Excellent! I’ll start experimenting with it pretty soon.

I’ve been doing more experimentation with bit-banging CSI GPIO pins using “/sys/class/gpio” driver, producing a steady square wave using clock_gettime() and busy waiting. With CSI pins, I can get a pretty uniform square wave. But from time to time, Linux will steal the CPU away for periods of time on the order 10 ms. I think the kernel decides that the process thread has exhausted its time quantum and it lets other processes a chance to run.

This makes sense since the CPU only as a single core. Linux doesn’t need much, but it needs some.

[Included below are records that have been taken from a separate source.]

(* Let $R$ be a ring such that the injective hull $E(R_R)$ is a projective right $R$-module. Then $R$ is right dual Kasch if and only if every right $R$-module of finite length is a homomorphic image of an injective right $R$-module.
   Context: $R$ is right dual Kasch if every simple right $R$-module is a homomorphic image of an injective right $R$-module. *)

From HB Require Import structures.
From mathcomp Require Import all_boot all_algebra.
Set Implicit Arguments. Unset Strict Implicit. Unset Printing Implicit Defensive.
Import GRing.Theory.
Local Open Scope ring_scope.

(* Right R-modules are encoded as left modules over the converse ring R^c:
   for M : rmodType R, the right action m . r is  r *: m. *)
Notation rmodType R := (lmodType (R^c)%type).

(* The regular right module R_R : carrier R, with  r *: x = x * r. *)
Notation regular_rmod R := ((R^c)^o)%type.

Section ModuleNotions.
Variable S : pzRingType.

Definition is_submod (M : lmodType S) (N : {pred M}) : Prop := submod_closed N.

Definition injective_mod (E : lmodType S) : Prop :=
  forall (A B : lmodType S) (f : {linear A -> B}) (g : {linear A -> E}),
    injective f -> exists h : {linear B -> E}, forall a, h (f a) = g a.

Definition projective_mod (P : lmodType S) : Prop :=
  forall (B C : lmodType S) (g : {linear B -> C}) (f : {linear P -> C}),
    (forall c, exists b, g b = c) -> exists h : {linear P -> B}, forall p, g (h p) = f p.

Definition essential_mono (M E : lmodType S) (i : {linear M -> E}) : Prop :=
  injective i /\
  forall N : {pred E}, is_submod N ->
    (forall x, x \in N -> (exists m, i m = x) -> x = 0) ->
    forall x, x \in N -> x = 0.

Definition injective_hull (M E : lmodType S) (i : {linear M -> E}) : Prop :=
  injective_mod E /\ essential_mono i.

Definition simple_mod (M : lmodType S) : Prop :=
  (exists x : M, x <> 0) /\
  forall N : {pred M}, is_submod N ->
    (forall x, x \in N -> x = 0) \/ (forall x, x \in N).

(* A composition series: 0 = s 0 < s 1 < ... < s n = M with every
   s i a maximal proper submodule of s (i+1) (i.e. s(i+1)/s i simple). *)
Definition finite_length (M : lmodType S) : Prop :=
  exists (n : nat) (s : nat -> {pred M}),
    [/\ (forall i, is_submod (s i)),
        (forall x, x \in s 0%N -> x = 0),
        (forall x, x \in s n) &
        forall i, (i < n)%N ->
          [/\ {subset s i <= s i.+1},
              (exists x, x \in s i.+1 /\ x \notin s i) &
              forall N : {pred M}, is_submod N ->
                {subset s i <= N} -> {subset N <= s i.+1} ->
                N =i s i \/ N =i s i.+1]].

Definition image_of_injective (M : lmodType S) : Prop :=
  exists (E : lmodType S) (f : {linear E -> M}),
    injective_mod E /\ forall m, exists e, f e = m.

End ModuleNotions.

Definition right_dual_Kasch (R : nzRingType) : Prop :=
  forall M : rmodType R, simple_mod M -> image_of_injective M.

From HB Require Import structures.
From mathcomp Require Import all_boot all_algebra.
From mathcomp Require Import boolp.
Set Implicit Arguments. Unset Strict Implicit. Unset Printing Implicit Defensive.
Import GRing.Theory.
Local Open Scope ring_scope.

(* A simple module has finite length, so one direction is immediate.  For the
   other, let E be injective and projective with R <= E, and climb a
   composition series 0 = s_0 < ... < s_n = M, covering each s_k by the image
   of an injective module P.  If s_(k+1) = s_k + xR, then s_(k+1)/s_k is the
   simple module R/I with I = (s_k : x), hence an image of some injective E'.
   Mapping 1 to a preimage of 1 + I in E' extends to E -> E', and projectivity
   of E lifts E -> E' ->> R/I to h : E -> R with h 1 in 1 + I.  Then
   (p, e) |-> g p + x h(e) maps the injective module P * E onto s_(k+1). *)

Section QuotientModule.
Variables (S : pzRingType) (M : lmodType S) (N : {pred M}).
Hypothesis N_submod : submod_closed N.
HB.instance Definition _ := GRing.isSubmodClosed.Build S M N N_submod.

Lemma qrepr_subproof (x : M) : exists y, y - x \in N.
Proof. by exists x; rewrite subrr rpred0. Qed.

Definition qrepr (x : M) : M := xchoose (qrepr_subproof x).

Lemma qreprP x : qrepr x - x \in N.
Proof. exact: (xchooseP (qrepr_subproof x)). Qed.

Lemma eq_qrepr x y : x - y \in N -> qrepr x = qrepr y.
Proof.
move=> Nxy; apply: eq_xchoose => z; apply/idP/idP => Nz.
- by have := rpredD Nz Nxy; rewrite addrA subrK.
- by have := rpredB Nz Nxy; rewrite opprB addrA subrK.
Qed.

Lemma qreprK x : qrepr (qrepr x) = qrepr x.
Proof. exact/eq_qrepr/qreprP. Qed.

Definition quotmod := {x : M | qrepr x == x}.
HB.instance Definition _ := Choice.on quotmod.

Definition qproj (x : M) : quotmod := exist _ (qrepr x) (introT eqP (qreprK x)).

Lemma qproj_eqP x y : qproj x = qproj y <-> x - y \in N.
Proof.
split=> [/(congr1 val) /= exy | /eq_qrepr exy]; last exact: val_inj.
by have := rpredB (qreprP y) (qreprP x); rewrite exy opprB addrC addrA subrK.
Qed.

Lemma qprojK (q : quotmod) : qproj (val q) = q.
Proof. by case: q => x qx; apply: val_inj; apply/eqP. Qed.

Lemma quotmod_ind (P : quotmod -> Prop) : (forall x, P (qproj x)) -> forall q, P q.
Proof. by move=> Pq q; rewrite -(qprojK q). Qed.

Definition qzero := qproj 0.
Definition qopp (a : quotmod) := qproj (- val a).
Definition qadd (a b : quotmod) := qproj (val a + val b).
Definition qscale (r : S) (a : quotmod) := qproj (r *: val a).

Lemma qaddE x y : qadd (qproj x) (qproj y) = qproj (x + y).
Proof. by apply/qproj_eqP; rewrite opprD addrACA rpredD ?qreprP. Qed.

Lemma qoppE x : qopp (qproj x) = qproj (- x).
Proof. by apply/qproj_eqP; rewrite opprK addrC -opprB rpredN qreprP. Qed.

Lemma qscaleE r x : qscale r (qproj x) = qproj (r *: x).
Proof. by apply/qproj_eqP; rewrite -scalerBr rpredZ ?qreprP. Qed.

Lemma qaddA : associative qadd.
Proof.
by elim/quotmod_ind=> x; elim/quotmod_ind=> y; elim/quotmod_ind=> z; rewrite !qaddE addrA.
Qed.

Lemma qaddC : commutative qadd.
Proof. by elim/quotmod_ind=> x; elim/quotmod_ind=> y; rewrite !qaddE addrC. Qed.

Lemma qadd0 : left_id qzero qadd.
Proof. by elim/quotmod_ind=> x; rewrite qaddE add0r. Qed.

Lemma qaddN : left_inverse qzero qopp qadd.
Proof. by elim/quotmod_ind=> x; rewrite qoppE qaddE addNr. Qed.

HB.instance Definition _ := GRing.isZmodule.Build quotmod qaddA qaddC qadd0 qaddN.

Lemma qscaleA a b : forall v, qscale a (qscale b v) = qscale (a * b) v.
Proof. by elim/quotmod_ind=> x; rewrite !qscaleE scalerA. Qed.

Lemma qscale1 : left_id 1 qscale.
Proof. by elim/quotmod_ind=> x; rewrite qscaleE scale1r. Qed.

Lemma qscaleDr : right_distributive qscale qadd.
Proof.
by move=> a; elim/quotmod_ind=> x; elim/quotmod_ind=> y; rewrite qaddE !qscaleE qaddE scalerDr.
Qed.

Lemma qscaleDl v : {morph qscale^~ v : a b / a + b >-> qadd a b}.
Proof. by elim/quotmod_ind: v => x a b; rewrite !qscaleE qaddE scalerDl. Qed.

HB.instance Definition _ :=
  GRing.Zmodule_isLmodule.Build S quotmod qscaleA qscale1 qscaleDr qscaleDl.

Lemma qproj_is_linear : linear qproj.
Proof.
move=> r x y; change (qproj (r *: x + y) = qadd (qscale r (qproj x)) (qproj y)).
by rewrite qscaleE qaddE.
Qed.

HB.instance Definition _ := GRing.isLinear.Build S M quotmod *:%R qproj qproj_is_linear.

Lemma qproj_eq0 x : qproj x = 0 <-> x \in N.
Proof. by rewrite -[0]/(qproj 0) qproj_eqP subr0. Qed.

End QuotientModule.


Section LinearMaps.
Variable S : pzRingType.

Definition scalev (V : lmodType S) (v : V) : S^o -> V := fun r : S => r *: v.

Lemma scalev_is_linear (V : lmodType S) (v : V) : linear (scalev v).
Proof. by move=> a r s; rewrite /scalev scalerDl scalerA. Qed.

HB.instance Definition _ (V : lmodType S) (v : V) :=
  GRing.isLinear.Build S S^o V *:%R (scalev v) (scalev_is_linear v).

Lemma scalev1 (V : lmodType S) (v : V) : scalev v 1 = v.
Proof. exact: scale1r. Qed.

Definition lin_pair (A B C : lmodType S) (f : {linear A -> B}) (g : {linear A -> C}) :
  A -> (B * C)%type := fun a => (f a, g a).

Lemma lin_pair_is_linear (A B C : lmodType S) (f : {linear A -> B}) (g : {linear A -> C}) :
  linear (lin_pair f g).
Proof. by move=> a x y; rewrite /lin_pair !linearP. Qed.

HB.instance Definition _ (A B C : lmodType S) (f : {linear A -> B}) (g : {linear A -> C}) :=
  GRing.isLinear.Build S A (B * C)%type *:%R (lin_pair f g) (lin_pair_is_linear f g).

Lemma preim_submod (A B : lmodType S) (f : {linear A -> B}) (N : {pred B}) :
  submod_closed N -> submod_closed [pred a | f a \in N].
Proof.
move=> [N0 Nlin]; split=> [|a u v]; first by rewrite inE linear0.
by rewrite !inE linearP; apply: Nlin.
Qed.

Lemma injective_mod_prod (A B : lmodType S) :
  injective_mod A -> injective_mod B -> injective_mod (A * B)%type.
Proof.
move=> injA injB X Y f g f_inj.
have [hA ehA] := injA X Y f (fst \o g) f_inj.
have [hB ehB] := injB X Y f (snd \o g) f_inj.
by exists (lin_pair hA hB) => x; rewrite /= /lin_pair ehA ehB -surjective_pairing.
Qed.

End LinearMaps.

Section MaximalSubmodule.
Variables (S : pzRingType) (M : lmodType S) (A B : {pred M}).
Hypotheses (A_submod : submod_closed A) (B_submod : submod_closed B).
Hypothesis sAB : {subset A <= B}.
Hypothesis maxAB : forall N : {pred M}, is_submod N ->
  {subset A <= N} -> {subset N <= B} -> N =i A \/ N =i B.
Variable x : M.
Hypotheses (Bx : x \in B) (notAx : x \notin A).

HB.instance Definition _ := GRing.isSubmodClosed.Build S M A A_submod.
HB.instance Definition _ := GRing.isSubmodClosed.Build S M B B_submod.

Definition residual : {pred S^o} := [pred r | scalev x r \in A].

Lemma residual_submod : submod_closed residual.
Proof. exact: preim_submod. Qed.

Definition add_cyclic (J : {pred S^o}) : {pred M} :=
  [pred y | `[< exists a r, [/\ a \in A, r \in J & y = a + scalev x r] >]].

Lemma add_cyclic_maximal (J : {pred S^o}) : submod_closed J ->
  add_cyclic J =i A \/ add_cyclic J =i B.
Proof.
move=> J_submod; apply: maxAB.
- split=> [|c u v].
    by apply/asboolP; exists 0, 0; rewrite linear0 addr0 rpred0; case: J_submod.
  move=> /asboolP [a [r [Aa Jr ->]]] /asboolP [a' [r' [Aa' Jr' ->]]].
  apply/asboolP; exists (c *: a + a'), (c *: r + r'); split.
  + by rewrite rpredD ?rpredZ.
  + by case: J_submod => _ ->.
  + by rewrite linearP scalerDr addrACA.
- move=> a Aa; apply/asboolP; exists a, 0.
  by rewrite linear0 addr0; case: J_submod.
- move=> _ /asboolP [a [r [Aa _ ->]]].
  by rewrite rpredD ?(sAB Aa) // rpredZ.
Qed.

Lemma maximal_add_cyclic y : y \in B -> exists a r, a \in A /\ y = a + r *: x.
Proof.
have predT_submod : submod_closed (predT : {pred S^o}) by [].
have [eqA|eqB] := add_cyclic_maximal predT_submod.
  suff : x \in add_cyclic predT by rewrite eqA (negPf notAx).
  by apply/asboolP; exists 0, 1; rewrite rpred0 scalev1 add0r.
by rewrite -eqB => /asboolP [a [r [Aa _ ->]]]; exists a, r.
Qed.

Lemma simple_residual_quotient : simple_mod (quotmod residual_submod).
Proof.
pose q := qproj residual_submod.
split=> [|N N_submod].
  by exists (q 1) => /qproj_eq0; rewrite inE scalev1 (negPf notAx).
have J_submod : submod_closed [pred r | q r \in N] := preim_submod q N_submod.
have [eqA|eqB] := add_cyclic_maximal J_submod; [left|right].
- elim/quotmod_ind=> r Nr; apply/qproj_eq0; rewrite inE -eqA.
  by apply/asboolP; exists 0, r; rewrite rpred0 add0r.
- have : x \in add_cyclic [pred r | q r \in N] by rewrite eqB.
  move=> /asboolP [a [r [Aa Nr ex]]].
  have Nq1 : q 1 \in N.
    suff -> : q 1 = q r by [].
    by apply/qproj_eqP; rewrite inE linearB /= scalev1 {1}ex addrK.
  elim/quotmod_ind=> s; rewrite -[s]mulr1 -[s * 1]/(s *: (1 : S^o)) linearZ.
  have [N0 Nlin] := N_submod.
  by rewrite -[X in X \in N]addr0 Nlin.
Qed.

End MaximalSubmodule.

Definition injective_cover (S : pzRingType) (M : lmodType S) (A : {pred M}) : Prop :=
  exists (P : lmodType S) (g : {linear P -> M}),
    injective_mod P /\ forall y, y \in A -> exists p, g p = y.

Section ProjectiveInjectiveHull.
Variables (S : pzRingType) (E : lmodType S) (i : {linear S^o -> E}).
Hypotheses (i_inj : injective i) (E_inj : injective_mod E) (E_proj : projective_mod E).

Lemma projective_lift_one (I : {pred S^o}) (I_submod : submod_closed I) :
  image_of_injective (quotmod I_submod) ->
  exists h : {linear E -> S^o}, h (i 1) - 1 \in I.
Proof.
move=> [E' [f [E'_inj f_surj]]].
have [e fe] := f_surj (qproj I_submod 1).
have [g ge] := E'_inj _ _ i (scalev e) i_inj.
have [h eh] := @E_proj _ _ (qproj I_submod) (f \o g) (fun c => ex_intro _ _ (qprojK c)).
by exists h; apply/qproj_eqP; rewrite eh /= ge -fe; apply: (congr1 f); exact: scale1r.
Qed.

Hypothesis dual_kasch : forall M : lmodType S, simple_mod M -> image_of_injective M.

Lemma injective_cover_maximal (M : lmodType S) (A B : {pred M}) :
  submod_closed A -> submod_closed B -> {subset A <= B} ->
  (exists x, x \in B /\ x \notin A) ->
  (forall N : {pred M}, is_submod N -> {subset A <= N} -> {subset N <= B} ->
     N =i A \/ N =i B) ->
  injective_cover A -> injective_cover B.
Proof.
move=> A_submod B_submod sAB [x [Bx notAx]] maxAB [P [g [P_inj gA]]].
have [h' Ah'] := projective_lift_one (dual_kasch
  (simple_residual_quotient A_submod B_submod sAB maxAB Bx notAx)).
pose h : {linear E -> M} := scalev x \o h'.
have Ahx : h (i 1) - x \in A by move: Ah'; rewrite inE linearB /= scalev1.
exists (P * E)%type, ((g \o fst) \+ (h \o snd)); split; first exact: injective_mod_prod.
move=> _ /(maximal_add_cyclic A_submod B_submod sAB maxAB Bx notAx) [a [r [Aa ->]]].
have [_ Alin] := A_submod.
have [p gp] : exists p, g p = a - r *: (h (i 1) - x).
  by apply: gA; rewrite addrC -scaleNr Alin.
exists (p, r *: i 1); rewrite /= gp !linearZ /=.
by rewrite -addrA -scalerDr opprB subrK.
Qed.

Lemma finite_length_image_of_injective (M : lmodType S) :
  finite_length M -> image_of_injective M.
Proof.
move=> [n [s [s_submod s0 sn chain]]].
have cover_s k : (k <= n)%N -> injective_cover (s k).
  elim: k => [_|k IHk lt_kn].
    by exists E, \0; split=> // y /s0 ->; exists 0; rewrite linear0.
  have [sub ex maxk] := chain k lt_kn.
  exact: injective_cover_maximal (s_submod k) (s_submod k.+1) sub ex maxk
    (IHk (ltnW lt_kn)).
have [P [g [P_inj gs]]] := cover_s n (leqnn n).
by exists P, g; split=> // y; apply: gs (sn y).
Qed.

End ProjectiveInjectiveHull.

Lemma simple_finite_length (S : pzRingType) (M : lmodType S) :
  simple_mod M -> finite_length M.
Proof.
move=> [[x nz_x] simpleM].
exists 1%N, (fun k => [pred y : M | if k is 0%N then y == 0 else true] : {pred M}); split.
- case=> [|k] /=; last by split.
  by split=> [|a u v]; rewrite !inE // => /eqP -> /eqP ->; rewrite scaler0 add0r.
- by move=> y /eqP.
- by [].
- case=> // _; split=> //; first by exists x; split=> //; apply/eqP.
  move=> N N_submod _ _; have [N0|NT] := simpleM N N_submod; [left|right] => y.
  + by rewrite inE; apply/idP/eqP => [/N0 //|->]; case: N_submod.
  + by rewrite NT.
Qed.

Theorem mainTheorem13 (R : nzRingType)
  (hE : exists (E : rmodType R) (i : {linear regular_rmod R -> E}),
          injective_hull i /\ projective_mod E) :
  right_dual_Kasch R <->
  (forall M : rmodType R, finite_length M -> image_of_injective M).
Proof.
have [E [i [[E_inj [i_inj _]] E_proj]]] := hE.
split=> [dual_kasch M | fl_image M /simple_finite_length].
  exact: finite_length_image_of_injective i_inj E_inj E_proj dual_kasch M.
exact: fl_image.
Qed.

Basically, a single core Linux system isn’t going to be a reliable source of long-running, bit-banged signalling.


#10

@infrapro - Yev, congratulations, you’ve surpassed the speed of light … well, as far as your logic analyzer can tell :scream:

[quote=“fordsfords, post:9, topic:2971”]
Basically, a single core Linux system isn’t going to be a reliable source of long-running, bit-banged signalling.
[/quote] @fordsfords - Steve, "You’re gonna need a bigger boat … " and it’s called the M/V (Merchant Vessel) Real-Time :sunglasses:


#11

And finally, there is libsoc fork with implementation for direct GPIO, it is not finished yet, but generally works. Example how to use you can find here


Reading DHT11 / DHT22 / AM2302 sensors
#12

If you mean a “Linux Real-Time” kernel, that still won’t help when the important thread (the one doing the time-critical timing) is 100% CPU bound. For any kind of multi-threading to work requires that high-priority threads spend at least some amount of time asleep (in the operating system sense). If a high-priority thread is alseep, it needs something to wake it up. The normal Unix sleep functions (including nanosleep) are VERY inaccurate at small sleep times since they depend on the periodic Unix clock interrupt, which typically has a 1 ms period.

One interesting question which has been asked a few times is whether one of the header pins can be used as an interrupt. This could allow running a MUCH higher rate clock, although there are limits there as well. Server grade processors start to sweat at interrupt rates above 100,000 per second. Another barrier to easy use would be that an interrupt automatically puts Linux into Kernel mode, and kernel programming is a horse of a different color. The transition between kernel and user space represents a large overhead, and is a major reason for the current speed limit of CSI access via the “/sys/class/gpio” driver. The best way to implement high-accuracy, high-rate timing would be to write most of the code in the form of a kernel module and use interrupts. Not being a kernel wonk, it would take me quite a while to figure that out.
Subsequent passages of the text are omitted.